Ixia is used to treat high blood pressure (also known as hypertension) in adults, and in children and adolescents aged 6 to less than 18 years. High blood pressure can damage blood vessels in organs such as the heart, kidneys, brain, and eyes. In some cases, this may lead to heart attack, heart or kidney failure, stroke, or blindness. High blood pressure usually does not cause symptoms. It is important to monitor your blood pressure to prevent organ damage.

High blood pressure can be controlled with medicines such as Ixia tablets. Your doctor has likely also advised you to make certain lifestyle changes to help lower your blood pressure (for example, losing weight, quitting smoking, reducing alcohol intake, and reducing salt in your diet). Your doctor may also recommend regular physical activity, such as walking or swimming. It is important to follow your doctor's advice.

2. What you need to know before taking Ixia

Do not take Ixia

• If you are allergic to olmesartan medoxomilo or to any of the other ingredients of this medicine (listed in section 6).
• If you are more than 3 months pregnant. (It is also advisable to avoid Ixia tablets at the beginning of pregnancy – see Pregnancy section.)
• If you have yellowing of the skin and eyes (jaundice), or problems with bile drainage from the gallbladder (biliary obstruction, for example, due to gallstones).
• If you have diabetes or kidney failure and are being treated with a blood pressure-lowering medicine containing aliskiren.

Warnings and precautions

Talk to your doctor before starting to take Ixia.

Tell your doctor if you are taking any of the following medicines used to treat high blood pressure (hypertension):

• An angiotensin-converting enzyme (ACE) inhibitor (for example, enalapril, lisinopril, ramipril), particularly if you have kidney problems related to diabetes.
• Aliskiren.

Your doctor may monitor your kidney function, blood pressure, and levels of electrolytes in your blood (for example, potassium) at regular intervals.

See also the information under the heading “Do not take Ixia”.

Tell your doctor if you have any of the following health problems:

• Kidney problems.
• Liver disease.
• Heart failure or problems with heart valves or heart muscle.
• Severe vomiting, diarrhea, treatment with high doses of medicines that increase urine output (diuretics), or if you are on a low-salt diet.
• High levels of potassium in the blood.
• Problems with the adrenal glands.

Contact your doctor if you experience severe, persistent diarrhea that causes significant weight loss. Your doctor will evaluate your symptoms and decide how to proceed with your blood pressure treatment.

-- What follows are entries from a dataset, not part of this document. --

Lemma star_center x : exists c, [/\ connect s x c,
  forall y, connect s x y -> (y \in centers s) = (y == c)
  & forall y, connect s x y -> y != c -> s y c].
Proof.
case: psp => _ _ /(_ x) [c [cK K4 sK]]; set K := [set z | connect s x z] in cK K4 sK.
have sK' y z : connect s x y -> connect s x z -> s y z = (y == c) (+) (z == c).
  by move=> xy xz; apply: sK; rewrite inE.
rewrite inE in cK; exists c; split=> // [y xy|y xy yc]; last first.
  by rewrite sK' // eqxx (negbTE yc).
rewrite inE; have -> : [set z | s y z] = [set z in K | (y == c) (+) (z == c)].
  apply/setP => z; rewrite !inE; apply/idP/andP => [yz|[xz]]; last by rewrite sK'.
  have xz : connect s x z := connect_trans xy (connect1 yz).
  by rewrite -sK'.
have [_ | _] := eqVneq y c.
  have -> : [set z in K | true (+) (z == c)] = K :\ c.
    by apply/setP => z; rewrite !inE andbC.
  by have := K4; rewrite (cardsD1 c) inE cK add1n => /succn_inj ->.
have -> : [set z in K | false (+) (z == c)] = [set c].
  by apply/setP => z; rewrite !inE andbC; case: eqP => // ->.
by rewrite cards1.
Qed.

Lemma center_connect c c' :
  c \in centers s -> c' \in centers s -> connect s c c' -> c = c'.
Proof.
move=> cc cc' cc'_conn; have [z [_ cen_z _]] := star_center c.
move: (cen_z c (connect0 _ _)) (cen_z c' cc'_conn); rewrite cc cc'.
by move=> /esym/eqP -> /esym/eqP ->.
Qed.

Consult your doctor if you develop abdominal pain, nausea, vomiting, or diarrhea after taking Ixia. Your doctor will decide whether to continue treatment. Do not stop taking Ixia on your own.

As with any other medicine that lowers blood pressure, excessive lowering of blood pressure in patients with impaired blood flow to the heart or brain may lead to a heart attack or stroke. Therefore, your doctor will carefully monitor your blood pressure.

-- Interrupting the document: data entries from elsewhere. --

(* Let $k$ be an odd integer with $k\ge 5$, let $D$ be a strong $k$-quasi-transitive digraph with $\mathrm{diam}(D)\ge k+2$, let $u,v\in V(D)$ with $d(u,v)=k+2$, and let $P$ be a shortest $(u,v)$-path. If $D[V(P)]$ is a semicomplete digraph, then $D[V(D)\setminus V(P)]$ is a semicomplete digraph.
   Context: All digraphs are finite, without loops or multiple arcs (opposite arcs allowed). Vertices $x,y$ are adjacent if $xy$ or $yx$ is an arc. For $k\ge 2$, $D$ is $k$-quasi-transitive if for every path $x_0x_1\ldots x_k$ of length $k$, $x_0$ and $x_k$ are adjacent. $d(x,y)$ is the length of a shortest $(x,y)$-path, $\mathrm{diam}(D)=\max_{x,y}d(x,y)$. $D[S]$ is the induced subdigraph; a semicomplete digraph is one in which every two distinct vertices are adjacent. *)

From mathcomp Require Import all_boot.
Set Implicit Arguments. Unset Strict Implicit. Unset Printing Implicit Defensive.

(* A digraph on a finite vertex type T is an arc relation e : rel T
   (e x y <-> xy is an arc); loops are excluded by the hypothesis irreflexive e.
   Opposite arcs are allowed; multiple arcs are impossible by construction. *)

Definition adjacent (T : finType) (e : rel T) (x y : T) : bool := e x y || e y x.

(* A (directed) path x :: p : consecutive arcs and pairwise distinct vertices.
   Its length is size p, it starts at x and ends at last x p. *)
Definition dpath (T : finType) (e : rel T) (x : T) (p : seq T) : bool :=
  path e x p && uniq (x :: p).

Definition xy_path (T : finType) (e : rel T) (x y : T) (p : seq T) : bool :=
  dpath e x p && (last x p == y).

Definition k_quasi_transitive (T : finType) (e : rel T) (k : nat) : Prop :=
  forall (x : T) (p : seq T), dpath e x p -> size p = k -> adjacent e x (last x p).

Definition strong (T : finType) (e : rel T) : Prop :=
  forall x y : T, exists p, xy_path e x y p.

Definition dist_is (T : finType) (e : rel T) (x y : T) (n : nat) : Prop :=
  (exists p, xy_path e x y p /\ size p = n) /\
  (forall p, xy_path e x y p -> n <= size p).

Definition diam_ge (T : finType) (e : rel T) (m : nat) : Prop :=
  exists x y n, dist_is e x y n /\ m <= n.

Definition shortest_path (T : finType) (e : rel T) (x y : T) (p : seq T) : Prop :=
  xy_path e x y p /\ (forall q, xy_path e x y q -> size p <= size q).

Definition semicomplete_on (T : finType) (e : rel T) (S : pred T) : Prop :=
  forall x y : T, x \in S -> y \in S -> x != y -> adjacent e x y.

(** Write P = x_0 ... x_n (n = k + 2) for the shortest path. As P is shortest and
    D[V(P)] is semicomplete, x_j -> x_i whenever j >= i + 2, so P contains paths of all the
    lengths needed between prescribed positions, made of forward steps and backward jumps.
    Closing such a path with arcs to or from outside vertices gives a path of length
    k = n - 2, whose ends must be adjacent.

    Every outside vertex is adjacent to P (induction on its distance from P, finite as D
    is strong), and an outside vertex receiving no arc from P dominates all of P. For two
    outside vertices w, z: if no arc of P enters w but one enters z, a path of length
    n - 4 in P closes a (w,z)-path of length n - 2; if both receive and send arcs, the
    extreme positions of their in- and out-neighbours on P are forced into an impossible
    configuration; if neither receives an arc, a shortest path from P to the one nearer
    to P, preceded by n - 2 steps inside P, carries the domination of P by w and z
    forward until z dominates the vertex n - 3 steps before w. The cases without arcs
    leaving w or z are these arguments in the reverse digraph. *)

From Pilot Require Import Defs.
From mathcomp Require Import all_boot zify.
From Stdlib Require Import Classical Wf_nat.
Set Implicit Arguments. Unset Strict Implicit. Unset Printing Implicit Defensive.

(* [lia] on the arithmetic hypotheses only: the boolean arc facts in context make it
   very slow otherwise. *)
Ltac nat_lia :=
  repeat match goal with
  | H : ?P |- _ =>
      lazymatch P with
      | is_true (_ <= _) => fail
      | is_true (_ && _) => fail
      | @eq nat _ _ => fail
      | nat => fail
      | _ => clear H
      end
  end; lia.

(** * Simple paths *)

Section SimplePaths.

Variable T : eqType.
Implicit Types (r : rel T) (a b y : T) (q : seq T).

(* [dpath] of Defs over an arbitrary eqType; the two are convertible. *)
Definition spath r a q := path r a q && uniq (a :: q).

(* The vertices at positions i+1 .. j of [a :: q], so that
   [nth a (a :: q) i :: subpath a q i j] is its segment between positions i and j. *)
Definition subpath a q i j := take (j - i) (drop i.+1 (a :: q)).

Lemma spath_cat r a q1 q2 :
  spath r a q1 -> spath r (last a q1) q2 ->
  (forall y, y \in a :: q1 -> y \in q2 -> False) -> spath r a (q1 ++ q2).
Proof.
move=> /andP[p1 u1] /andP[p2 u2] dis; apply/andP; split.
  by rewrite cat_path p1 p2.
rewrite -cat_cons cat_uniq u1 /=; apply/andP; split; last by case/andP: u2.
by apply/hasPn => y y2; apply/negP => y1; apply: (dis y).
Qed.

Lemma spath_cons r a b q : spath r b q -> r a b -> a \notin b :: q -> spath r a (b :: q).
Proof. by move=> /andP[pb ub] rab abq; rewrite /spath /= rab pb abq. Qed.
Lemma spath_cat_cons r a q1 b q2 :
  spath r a q1 -> spath r b q2 -> r (last a q1) b ->
  (forall y, y \in a :: q1 -> y \in b :: q2 -> False) -> spath r a (q1 ++ b :: q2).
Proof.
move=> d1 d2 rab dis; apply: spath_cat => //.
by apply: spath_cons => //; apply/negP; apply: dis; apply: mem_last.
Qed.

Lemma spath_rcons r a q b :
  spath r a q -> r (last a q) b -> b \notin a :: q -> spath r a (q ++ [:: b]).
Proof.
move=> /andP[pa ua] rab baq.
by rewrite /spath cats1 rcons_path pa rab -rcons_cons rcons_uniq baq ua.
Qed.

You must inform your doctor if you are pregnant or think you might be pregnant. Use of Ixia is not recommended at the beginning of pregnancy, and it should not be taken if you are more than 3 months pregnant, as it may cause serious harm to your baby if taken during this stage (see Pregnancy section).

Patients of black race

As with other similar medicines, the blood pressure-lowering effect of Ixia is somewhat reduced in patients of black race.

Elderly patients

If you are 65 years of age or older and your doctor decides to increase your dose of olmesartan medoxomil to 40 mg daily, you will need regular monitoring of your blood pressure by your doctor to ensure it does not drop too low.

Children and adolescents

Ixia has been studied in children and adolescents. For further information, consult your doctor. Ixia is not recommended for children aged 1 year to less than 6 years, and should not be used in children under 1 year of age, as there is no experience with its use in this age group.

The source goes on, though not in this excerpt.